You can also follow this guide by running side-by-side all the commands with the Quickstart example.

Installation

dataClay can be installed with pip:

$ python3 -m pip install dataclay

Defining Classes

The model provider is responsible for designing and implementing class models: the data structure, the methods, and the relationships that applications can use to access and process data.

A minimal dataClay class is defined like this:

from dataclay import DataClayObject, activemethod


class Employee(DataClayObject):
    name: str
    salary: float

    @activemethod
    def __init__(self, name, salary):
        self.name = name
        self.salary = salary

    @activemethod
    def get_payroll(self, hours_worked):
        overtime = 0
        if hours_worked > 40:
            overtime = hours_worked - 40
        return self.salary + (overtime * (self.salary / 40))


class Company(DataClayObject):
    name: str
    employees: list[Employee]

    @activemethod
    def __init__(self, name, *employees):
        self.name = name
        self.employees = list(employees)

All dataClay classes must inherit from DataClayObject.

It is required to annotate the fields that are intended to be persisted in dataClay.
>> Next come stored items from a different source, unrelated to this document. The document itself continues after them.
Lemma generic_first_plane (Z P : {set neuron}) (lift : R -> R -> 'I_3 -> R) :
  P \subset A -> (forall u v, on_flat nf Z (lift u v)) ->
  (forall m u v, m \in A -> nf m (lift u v) = u + slope m.1 * v + slope m.1 ^+ 2) ->
  generic nf 2 Z P.
Proof.
move=> PA flat val; have inA m : m \in P -> m \in A := subsetP PA m.
split.
  exists (lift 0 0) => // m mP; rewrite val ?inA //.
  by apply: (neq0_by (c := slope m.1 ^+ 2)); [ring | exact: slope2_neq0].
move=> q qP; pose s := slope q.1.
split.
  apply: (nonconstant_of (f := nf) (q := q) (flat 0 0) (flat 0 1)).
  rewrite !val ?inA // -subr_eq0; apply: (neq0_by (c := - s)); first by rewrite /s; ring.
  by rewrite oppr_eq0 gt_eqF // slope_gt0.
have onq u v : u + s * v + s ^+ 2 = 0 -> on_flat nf (q |: Z) (lift u v).
  by move=> h; apply/on_flatU1; split; rewrite ?val ?inA.
split.
  exists (lift (- s ^+ 2) 0) => [|m /setD1P[mq mP]]; first by apply: onq; ring.
  rewrite val ?inA //.
  apply: (neq0_by (c := (slope m.1 - s) * (slope m.1 + s))); first by ring.
  by rewrite mulf_neq0 ?first_slope_neq ?inA // gt_eqF // addr_gt0 ?slope_gt0.
move=> q' /setD1P[q'q q'P]; pose s' := slope q'.1.
split.
  apply: (nonconstant_of (f := nf) (q := q') (onq (- s ^+ 2) 0 _) (onq (- s - s ^+ 2) 1 _));
    try ring.
  rewrite !val ?inA // -subr_eq0.
  apply: (neq0_by (c := s - s')); first by rewrite /s /s'; ring.
  by rewrite first_slope_neq ?inA // eq_sym.
split=> //; exists (lift (s * s') (- (s + s'))).
  apply/on_flatU1; split; last by apply: onq; ring.
  by rewrite val ?inA // -/s'; ring.
move=> m /setD1P[mq' /setD1P[mq mP]]; rewrite val ?inA //.
apply: (neq0_by (c := (slope m.1 - s) * (slope m.1 - s'))); first by ring.
by rewrite mulf_neq0 ?first_slope_neq ?inA.
Qed.

Lemma generic_first_line (Z P : {set neuron}) (v x2 : R) :
  P \subset A -> 0 <= v -> (forall u, on_flat nf Z (pt3 u v x2)) -> generic nf 1 Z P.
Proof.
move=> PA v0 flat; have inA m : m \in P -> m \in A := subsetP PA m.
split.
  exists (pt3 0 v x2) => // m mP; rewrite first_pt3 ?inA //.
  apply: (neq0_by (c := slope m.1 * (v + slope m.1))); first by ring.
  by rewrite gt_eqF // mulr_gt0 ?ltr_wpDl ?slope_gt0.
move=> q qP; pose s := slope q.1.
split.
  apply: (nonconstant_of (f := nf) (q := q) (flat 0) (flat 1)).
  rewrite !first_pt3 ?inA // -subr_eq0.
  by apply: (neq0_by (c := -1)); [ring | rewrite oppr_eq0 oner_eq0].
split=> //; exists (pt3 (- (s * v + s ^+ 2)) v x2).
  by apply/on_flatU1; split; [rewrite first_pt3 ?inA // -/s; ring | apply: flat].
move=> m /setD1P[mq mP]; rewrite first_pt3 ?inA //.
apply: (neq0_by (c := (slope m.1 - s) * (v + slope m.1 + s))); first by ring.
rewrite mulf_neq0 ?first_slope_neq ?inA // gt_eqF //.
by have := slope_gt0 m.1; have := slope_gt0 q.1; rewrite -/s; lra.
Qed.

Lemma second_pair_line (j k : 'I_d) (x : 'I_3 -> R) : j != k ->
  on_flat nf ((j, ord_max) |: [set (k, ord_max)]) x ->
  x (inord 1) = slope j * slope k /\ x (inord 2) = - (slope j + slope k).
Proof.
move=> jk /on_flatU1[]; rewrite on_flat1 !nf_eval /=.
move: (x (inord 1)) (x (inord 2)) => x1 x2 hj hk.
have : (slope j - slope k) * (x2 + (slope j + slope k)) = 0.
  by rewrite -(subrr 0) -{1}hj -hk; ring.
move/eqP; rewrite mulf_eq0 (negbTE (slope_neq jk)) addr_eq0 => /eqP e2.
by split=> //; apply/eqP; rewrite -subr_eq0 -hk e2; apply/eqP; ring.
Qed.

Lemma second_pair_nonzero (j k l : 'I_d) (x : 'I_3 -> R) : j != k -> l != j -> l != k ->
  on_flat nf ((j, ord_max) |: [set (k, ord_max)]) x -> nf (l, ord_max) x != 0.
Proof.
move=> jk lj lk /(second_pair_line jk)[x1 x2]; rewrite nf_eval /= x1 x2.
apply: (neq0_by (c := (slope l - slope j) * (slope l - slope k))); first by ring.
by rewrite mulf_neq0 ?slope_neq.
Qed.

(* The hyperplane G_k of the second window projects onto the (x_0, x_1)-plane. *)
Lemma on_second (k : 'I_d) (u v : R) :
  on_flat nf [set (k, ord_max)] (pt3 u v (- (v + slope k ^+ 2) / slope k)).
Proof.
have sk0 : slope k != 0 by rewrite gt_eqF ?slope_gt0.
by apply/on_flat1; rewrite second_pt3 ?inE //=; field; rewrite nat1r.
Qed.

Lemma second_nonconstant (j k : 'I_d) :
  j != k -> ~ constant_on nf (j, ord_max) [set (k, ord_max)].
Proof.
move=> jk; have onk := @on_second k.
apply: (nonconstant_of (f := nf) (q := (j, ord_max)) (onk 0 0) (onk 0 1)).
have sk0 : slope k != 0 by rewrite gt_eqF ?slope_gt0.
rewrite !second_pt3 ?inE //= -subr_eq0.
apply: (neq0_by (c := (slope j - slope k) / slope k)); first by field; rewrite nat1r.
by rewrite mulf_neq0 ?invr_eq0 ?slope_neq.
Qed.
The remaining fields will be ignored and will only be accessible by the local instance.

The methods should be decorated with @activemethod to specify that they will be executed in dataClay if the object is persistent. The rest of the methods will always be executed locally.

Connect Client

To connect to a dataClay, create a Client instance and provide the host, username, password and dataset to connect to. You can provide it as arguments or as environment variables:

  • DC_HOST: Host of the dataClay instance (i.e. metadata)

  • DC_PORT: Port of the dataClay instance (i.e. metadata)

  • DC_USERNAME: Username to connect to dataClay

  • DC_PASSWORD: Password to connect to dataClay

  • DC_DATASET: Dataset to connect to

from dataclay import Client

client = Client(
  host="127.0.0.1", port="16587", username="testuser", password="s3cret", dataset="testdata"
)

You can start the connection by calling start() and stop it with stop():

client.start()
# do something
client.stop()

You can also use the client as a context manager:

with client:
    # do something

Make Persistent

To make a dataClay object persistent, call its make_persistent() method:

employee = Employee("John", 1000.0)
employee.make_persistent()

Then all methods decorated with @activemethod will be executed in dataClay:

payroll = employee.get_payroll(50) # One remote call

And all annotated attributes will be accessed and updated in dataClay, potentially reducing the local memory footprint:

employee.salary = 2000.0 # One remote call
print(employee.name, employee.salary) # Two remote calls

Assign backend

Every dataClay object is owned by a backend. When calling make_persistent() we can specify the backend where the object will be registered. If no backend is specified, the object will be registered in a random backend.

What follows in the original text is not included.